• 1 Elifaz de Temã respondeu:
  • 2 “Se nós falarmos, não fique irritado, ninguém aguenta ficar mais tempo calado.
  • 3 Jó, você ensinou muita gente e deu força aos que precisavam.
  • 4 Os seus conselhos seguraram os que estavam caindo, e fortaleceram os fracos.
  • 5 Mas agora que algo de mal está lhe acontecendo, você está incomodado, abatido e angustiado.
  • 6 Será que já não confia na sua fé? Será que já não tem esperança na sua vida justa?
  • 7 “Pense no seguinte: os inocentes não são castigados nem os justos são condenados à morte.
  • 8 Segundo o que tenho visto, as pessoas colhem aquilo que elas plantam. Se as pessoas plantarem o mal e as desgraças, são essas coisas o que elas irão colher.
  • 9 Deus põe fim a essas pessoas, ele as destrói com o seu sopro.
  • 10 Elas podem rugir como um leão, podem gritar bem alto, mas Deus quebra os dentes dos mais fortes.
  • 11 Sem comer, o leão morre e os seus filhotes se espalham.
  • 12 “Eu recebi uma mensagem em segredo, foi um sussurro que entrou no meu ouvido.
  • 13 Ouvi isto enquanto dormia, estando eu num sono profundo.
  • 14 Fiquei tremendo e cheio de medo, até os meus ossos estremeceram.
  • 15 Um espírito roçou o meu rosto ao passar, fiquei todo arrepiado.
  • 16 Deteve-se na minha frente, mas não consegui ver bem a sua forma, só um vulto diante de mim. De repente, no silêncio, ouvi um sussurro que dizia:
  • 17 ‘Poderá algum ser humano ser inocente diante de Deus? Comparado com Deus, não há ninguém puro’.
  • 18 Se Deus não confia nem nos seus servos, e encontra defeitos nos seus seres celestiais,
  • 19 com maior razão, ele não irá confiar nos seres humanos, os quais foram feitos do barro, e Deus pode esmagá-los como se fossem insetos.
  • 20 A qualquer momento do dia, pessoas morrem e voltam ao pó; não tendo alicerces seguros, elas são destruídas para sempre.
  • 21 As cordas das suas tendas são arrancadas, e morrem sem ter encontrado a sabedoria.

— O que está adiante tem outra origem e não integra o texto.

(* Let $S$ be a semigroup and $a\in S$ an idempotent with $aSa\subseteq\operatorname{Reg}(S)$; let $P=\{x\in Sa: x\,\mathscr L\,ax\}$, let $H_a$ be the $\mathscr H$-class of $a$ in $S$ (which is the group of units of the monoid $aSa$), and let $\rho$ be the number of $\mathscr R^P$-classes contained in $\widehat R^a_a=\{x\in P: ax\ \mathscr R^{aSa}\ a\}$. Suppose $aSa\setminus H_a$ is an ideal of $aSa$. Then $$\operatorname{rank}(P)\ge \operatorname{rank}(aSa:H_a)+\max(\rho,\operatorname{rank}(H_a)),$$ with equality if $P$ is RI-dominated.
   Context: $P$ is a (regular) subsemigroup of $S$. $\mathscr R^P$, $\mathscr R^{aSa}$ denote Green's $\mathscr R$-relation in $P$ and in $aSa$. For a semigroup $T$, $\operatorname{rank}(T)$ is the minimum cardinality of a generating set, and for $A\subseteq T$, the relative rank $\operatorname{rank}(T:A)$ is the minimum cardinality of $U\subseteq T$ with $T=\langle A\cup U\rangle$. A semigroup $T$ is RI-dominated if for every $x\in T$ there is a right identity $e$ of $T$ (i.e. $ye=y$ for all $y\in T$) with $x\in eT^1$. *)

(* abstract (possibly infinite) semigroups, subsets as predicates,
   cardinalities compared via injections between sigma types. *)
From Stdlib Require Import Classical.

Section Semigroup.
Variable S : Type.
Variable mul : S -> S -> S.

Definition sset := S -> Prop.
Definition subset (A B : sset) : Prop := forall x, A x -> B x.
Definition setminus (A B : sset) : sset := fun x => A x /\ ~ B x.

(* Green's relations in S (via principal one-sided ideals of S^1). *)
Definition leR (x y : S) : Prop := x = y \/ exists s, x = mul y s.
Definition leL (x y : S) : Prop := x = y \/ exists s, x = mul s y.
Definition GreenR (x y : S) : Prop := leR x y /\ leR y x.
Definition GreenL (x y : S) : Prop := leL x y /\ leL y x.
Definition GreenH (x y : S) : Prop := GreenR x y /\ GreenL x y.

Definition leR_in (T : sset) (x y : S) : Prop := x = y \/ exists t, T t /\ x = mul y t.
Definition GreenR_in (T : sset) (x y : S) : Prop :=
  T x /\ T y /\ leR_in T x y /\ leR_in T y x.

Definition regular (x : S) : Prop := exists y, mul (mul x y) x = x.

Definition local (a : S) : sset := fun x => exists s, x = mul (mul a s) a.
Definition rightS (a : S) : sset := fun x => exists s, x = mul s a.
Definition Pset (a : S) : sset := fun x => rightS a x /\ GreenL x (mul a x).
Definition Hclass (a : S) : sset := fun x => GreenH x a.
Definition Rhat (a : S) : sset := fun x => Pset a x /\ GreenR_in (local a) (mul a x) a.

Definition RPclasses_in_Rhat (a : S) : Type :=
  { C : sset | exists x, Pset a x /\ C = (fun y => GreenR_in (Pset a) x y)
                         /\ subset C (Rhat a) }.

Definition ideal_of (T I : sset) : Prop :=
  subset I T /\ forall x y, I x -> T y -> I (mul x y) /\ I (mul y x).

Inductive gen (A : sset) : sset :=
| gen_base : forall x, A x -> gen A x
| gen_mul : forall x y, gen A x -> gen A y -> gen A (mul x y).

Definition setU (A B : sset) : sset := fun x => A x \/ B x.

Definition generates (T U : sset) : Prop := subset U T /\ forall x, T x -> gen U x.
(* U witnesses the relative rank of T modulo A: T = <A u U> *)
Definition rel_generates (T A U : sset) : Prop :=
  subset U T /\ forall x, T x -> gen (setU A U) x.

Definition RI_dominated (T : sset) : Prop :=
  forall x, T x -> exists e, T e /\ (forall y, T y -> mul y e = y) /\
                          (x = e \/ exists t, T t /\ x = mul e t).

End Semigroup.

Definition sig_of {S : Type} (A : S -> Prop) : Type := { x : S | A x }.
Definition card_le (X Y : Type) : Prop := exists f : X -> Y, forall u v, f u = f v -> u = v.
Arguments subset {S}.
Arguments setminus {S}.
Arguments setU {S}.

Versículos 1-6. Elifaz repreende a Jó; 7-11: Ele afirma que os juízos de Deus são para os ímpios; 12-21: A visão de Elifaz.

Vv. 1-6. Satanás tentou provar que Jó era um hipócrita, através da aflição. E seus amigos, ao notarem quão aflito ele estava e que se mostrava impaciente, concluíram que realmente era um hipócrita. Devemos ter isto em mente, para entendermos o que aconteceu. Elifaz fala de Jó e de sua aflição com ternura; porém, acusa-o de fraqueza e de ter o coração covarde. Os homens são muito estritos com aqueles que ensinam aos demais, e mesmo os amigos mais piedosos podem considerar como um simples arranhão o que sentimos seruma ferida. Aprendamos a desviar o pensamento do que sofre, para que não remoa a sua aflição, e olhe para o Deus das misericórdias em suas dores. E isto só pode ser bem feito quando se olha para Jesus Cristo, em cujos sofrimentos inigualáveis todo o filho de Deus aprende a esquecer os seus próprios sofrimentos rapidamente.

Vv. 7-11. Elifaz argumenta: 1. Os homens bons nunca sofreram uma ruína como a de Jó. O mesmo sucede ao justo e ao ímpio (Ec 9.2), na vida e na morte; a grande e certa diferença está depois da morte. Os nossos piores erros acontecem porque tiramos más conclusões. 2. Os maus costumam ser arruinados da seguinte maneira: para prová-lo, Elifaz apresenta a sua própria observação. Podemos ver o mesmo a cada dia.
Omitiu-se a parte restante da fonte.